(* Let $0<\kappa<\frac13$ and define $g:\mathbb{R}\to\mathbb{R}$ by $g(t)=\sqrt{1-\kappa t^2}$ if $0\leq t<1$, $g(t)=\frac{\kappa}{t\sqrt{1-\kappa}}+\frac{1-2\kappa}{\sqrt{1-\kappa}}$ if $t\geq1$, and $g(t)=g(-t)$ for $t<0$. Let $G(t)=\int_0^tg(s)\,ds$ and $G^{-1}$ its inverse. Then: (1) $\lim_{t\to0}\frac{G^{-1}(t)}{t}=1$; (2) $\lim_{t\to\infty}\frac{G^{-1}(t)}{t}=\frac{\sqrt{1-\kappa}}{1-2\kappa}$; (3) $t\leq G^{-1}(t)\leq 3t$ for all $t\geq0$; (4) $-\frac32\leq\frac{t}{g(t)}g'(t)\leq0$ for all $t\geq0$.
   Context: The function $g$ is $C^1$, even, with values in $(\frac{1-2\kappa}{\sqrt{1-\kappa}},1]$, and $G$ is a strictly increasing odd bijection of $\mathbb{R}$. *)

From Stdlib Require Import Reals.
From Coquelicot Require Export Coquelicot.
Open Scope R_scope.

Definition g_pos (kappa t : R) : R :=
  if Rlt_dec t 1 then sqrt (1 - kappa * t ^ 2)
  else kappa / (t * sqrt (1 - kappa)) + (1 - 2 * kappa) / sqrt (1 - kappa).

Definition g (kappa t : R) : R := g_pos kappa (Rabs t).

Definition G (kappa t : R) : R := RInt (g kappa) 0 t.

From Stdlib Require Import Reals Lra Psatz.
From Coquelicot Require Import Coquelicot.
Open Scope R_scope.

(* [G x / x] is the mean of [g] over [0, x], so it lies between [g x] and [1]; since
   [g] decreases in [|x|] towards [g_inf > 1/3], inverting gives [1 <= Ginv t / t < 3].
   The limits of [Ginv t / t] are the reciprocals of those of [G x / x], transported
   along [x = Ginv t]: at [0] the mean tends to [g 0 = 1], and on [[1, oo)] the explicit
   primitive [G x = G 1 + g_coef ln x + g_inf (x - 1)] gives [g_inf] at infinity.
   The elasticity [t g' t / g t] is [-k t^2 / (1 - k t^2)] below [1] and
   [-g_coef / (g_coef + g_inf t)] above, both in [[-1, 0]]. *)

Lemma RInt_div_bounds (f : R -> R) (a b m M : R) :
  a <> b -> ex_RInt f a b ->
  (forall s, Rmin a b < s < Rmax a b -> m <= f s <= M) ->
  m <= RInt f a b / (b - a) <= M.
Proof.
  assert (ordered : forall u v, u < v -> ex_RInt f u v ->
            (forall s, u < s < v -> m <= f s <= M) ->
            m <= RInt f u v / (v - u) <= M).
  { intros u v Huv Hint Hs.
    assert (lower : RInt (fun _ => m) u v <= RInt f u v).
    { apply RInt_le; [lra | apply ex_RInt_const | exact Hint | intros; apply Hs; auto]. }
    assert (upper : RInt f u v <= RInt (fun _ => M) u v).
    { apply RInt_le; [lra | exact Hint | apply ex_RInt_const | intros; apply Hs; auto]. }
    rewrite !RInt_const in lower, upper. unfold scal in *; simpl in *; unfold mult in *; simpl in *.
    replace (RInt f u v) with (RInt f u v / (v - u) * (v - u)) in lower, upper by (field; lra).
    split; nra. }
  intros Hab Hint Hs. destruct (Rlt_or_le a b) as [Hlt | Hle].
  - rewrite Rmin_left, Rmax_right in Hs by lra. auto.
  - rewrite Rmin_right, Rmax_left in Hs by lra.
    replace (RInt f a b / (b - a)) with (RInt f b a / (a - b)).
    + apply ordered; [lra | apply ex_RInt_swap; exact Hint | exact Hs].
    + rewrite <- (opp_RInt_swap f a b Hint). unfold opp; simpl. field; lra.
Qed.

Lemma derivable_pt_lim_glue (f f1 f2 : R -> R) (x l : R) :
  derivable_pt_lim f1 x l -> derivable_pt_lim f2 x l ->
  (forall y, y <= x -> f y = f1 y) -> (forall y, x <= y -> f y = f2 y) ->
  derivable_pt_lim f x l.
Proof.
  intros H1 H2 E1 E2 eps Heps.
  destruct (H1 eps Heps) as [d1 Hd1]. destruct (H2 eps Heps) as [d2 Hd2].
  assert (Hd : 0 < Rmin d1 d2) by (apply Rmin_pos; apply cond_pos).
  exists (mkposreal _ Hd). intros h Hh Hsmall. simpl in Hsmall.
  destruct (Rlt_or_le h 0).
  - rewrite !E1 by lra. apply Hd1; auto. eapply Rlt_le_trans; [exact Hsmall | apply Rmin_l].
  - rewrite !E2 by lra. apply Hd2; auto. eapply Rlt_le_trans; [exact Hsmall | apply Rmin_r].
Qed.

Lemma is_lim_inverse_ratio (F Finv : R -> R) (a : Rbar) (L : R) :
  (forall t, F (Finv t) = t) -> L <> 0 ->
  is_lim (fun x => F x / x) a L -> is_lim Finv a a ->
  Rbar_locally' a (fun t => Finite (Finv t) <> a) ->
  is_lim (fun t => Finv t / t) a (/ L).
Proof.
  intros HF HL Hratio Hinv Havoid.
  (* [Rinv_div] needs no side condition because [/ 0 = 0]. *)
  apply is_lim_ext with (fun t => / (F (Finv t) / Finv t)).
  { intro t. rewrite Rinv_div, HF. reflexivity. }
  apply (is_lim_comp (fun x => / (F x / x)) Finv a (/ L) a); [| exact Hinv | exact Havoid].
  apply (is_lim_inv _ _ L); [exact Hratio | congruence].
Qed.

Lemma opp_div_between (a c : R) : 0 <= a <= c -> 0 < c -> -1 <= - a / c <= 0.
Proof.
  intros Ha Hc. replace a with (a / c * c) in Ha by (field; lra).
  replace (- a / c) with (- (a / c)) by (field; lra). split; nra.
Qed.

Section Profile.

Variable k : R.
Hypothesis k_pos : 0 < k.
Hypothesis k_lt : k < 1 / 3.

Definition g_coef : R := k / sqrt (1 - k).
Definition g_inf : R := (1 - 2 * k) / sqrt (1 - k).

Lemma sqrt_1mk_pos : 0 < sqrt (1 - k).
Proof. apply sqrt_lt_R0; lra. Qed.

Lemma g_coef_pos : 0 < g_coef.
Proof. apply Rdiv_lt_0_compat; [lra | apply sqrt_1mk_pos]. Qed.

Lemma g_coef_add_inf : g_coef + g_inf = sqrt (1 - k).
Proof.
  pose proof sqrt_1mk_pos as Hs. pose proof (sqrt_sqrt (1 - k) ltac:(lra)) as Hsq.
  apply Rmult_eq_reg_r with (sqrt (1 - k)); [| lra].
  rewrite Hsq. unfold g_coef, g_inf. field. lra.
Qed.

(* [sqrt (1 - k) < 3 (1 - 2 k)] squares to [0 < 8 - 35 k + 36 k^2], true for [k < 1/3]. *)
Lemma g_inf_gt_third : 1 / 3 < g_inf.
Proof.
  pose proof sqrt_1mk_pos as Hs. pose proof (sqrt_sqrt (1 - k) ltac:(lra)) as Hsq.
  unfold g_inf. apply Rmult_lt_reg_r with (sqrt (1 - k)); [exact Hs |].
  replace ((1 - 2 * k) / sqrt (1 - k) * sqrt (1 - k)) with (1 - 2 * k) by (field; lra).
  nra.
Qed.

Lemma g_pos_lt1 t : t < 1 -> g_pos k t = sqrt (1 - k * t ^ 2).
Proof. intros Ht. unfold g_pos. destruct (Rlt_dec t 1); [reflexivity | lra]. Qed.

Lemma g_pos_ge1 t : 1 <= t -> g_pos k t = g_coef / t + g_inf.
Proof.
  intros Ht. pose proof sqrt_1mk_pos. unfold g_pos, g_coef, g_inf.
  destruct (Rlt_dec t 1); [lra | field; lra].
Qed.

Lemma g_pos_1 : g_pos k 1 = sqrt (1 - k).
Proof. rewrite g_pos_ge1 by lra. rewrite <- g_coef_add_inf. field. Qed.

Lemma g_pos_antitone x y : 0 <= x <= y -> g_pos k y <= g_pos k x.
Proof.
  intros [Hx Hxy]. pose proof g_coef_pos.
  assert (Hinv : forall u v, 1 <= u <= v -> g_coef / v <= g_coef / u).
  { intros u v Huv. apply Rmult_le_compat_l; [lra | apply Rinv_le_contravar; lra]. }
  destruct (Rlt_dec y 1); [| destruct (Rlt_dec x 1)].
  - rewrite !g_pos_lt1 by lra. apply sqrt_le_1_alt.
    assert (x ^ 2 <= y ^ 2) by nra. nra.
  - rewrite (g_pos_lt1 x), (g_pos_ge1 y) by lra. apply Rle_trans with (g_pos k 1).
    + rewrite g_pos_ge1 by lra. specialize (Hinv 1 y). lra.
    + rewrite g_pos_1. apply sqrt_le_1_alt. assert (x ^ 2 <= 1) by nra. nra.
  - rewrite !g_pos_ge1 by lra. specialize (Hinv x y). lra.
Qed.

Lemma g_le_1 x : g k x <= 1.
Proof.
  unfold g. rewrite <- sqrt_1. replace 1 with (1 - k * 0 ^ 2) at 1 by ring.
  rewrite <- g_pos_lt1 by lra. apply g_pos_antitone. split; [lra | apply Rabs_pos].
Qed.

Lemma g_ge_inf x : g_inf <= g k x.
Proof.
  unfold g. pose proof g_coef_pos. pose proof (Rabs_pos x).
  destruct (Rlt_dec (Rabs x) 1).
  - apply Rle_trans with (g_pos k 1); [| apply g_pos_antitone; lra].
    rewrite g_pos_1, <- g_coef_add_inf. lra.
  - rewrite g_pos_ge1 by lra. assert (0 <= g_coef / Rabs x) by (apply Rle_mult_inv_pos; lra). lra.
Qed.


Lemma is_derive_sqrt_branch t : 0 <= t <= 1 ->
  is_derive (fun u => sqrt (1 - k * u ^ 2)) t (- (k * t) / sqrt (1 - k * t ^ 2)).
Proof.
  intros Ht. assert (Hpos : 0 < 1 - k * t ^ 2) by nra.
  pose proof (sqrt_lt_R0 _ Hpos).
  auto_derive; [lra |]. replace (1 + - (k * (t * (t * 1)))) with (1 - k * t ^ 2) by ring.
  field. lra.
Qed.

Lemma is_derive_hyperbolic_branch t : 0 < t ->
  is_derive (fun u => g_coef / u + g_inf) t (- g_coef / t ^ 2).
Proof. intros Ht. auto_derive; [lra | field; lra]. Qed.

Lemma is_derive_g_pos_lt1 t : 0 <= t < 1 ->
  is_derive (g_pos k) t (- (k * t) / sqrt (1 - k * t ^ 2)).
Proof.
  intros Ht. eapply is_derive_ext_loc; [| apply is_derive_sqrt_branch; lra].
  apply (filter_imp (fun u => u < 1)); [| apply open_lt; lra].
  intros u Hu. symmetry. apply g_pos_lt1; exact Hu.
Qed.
__________________________________________________
The problem: With the line that has "Lemma g_pos_antitone x" as the first and the line that has "assert (x ^ 2 <= y ^ 2) by nra. nra." as the last, repeat exactly that run of lines above and no more.

Exercise response:
Lemma g_pos_antitone x y : 0 <= x <= y -> g_pos k y <= g_pos k x.
Proof.
  intros [Hx Hxy]. pose proof g_coef_pos.
  assert (Hinv : forall u v, 1 <= u <= v -> g_coef / v <= g_coef / u).
  { intros u v Huv. apply Rmult_le_compat_l; [lra | apply Rinv_le_contravar; lra]. }
  destruct (Rlt_dec y 1); [| destruct (Rlt_dec x 1)].
  - rewrite !g_pos_lt1 by lra. apply sqrt_le_1_alt.
    assert (x ^ 2 <= y ^ 2) by nra. nra.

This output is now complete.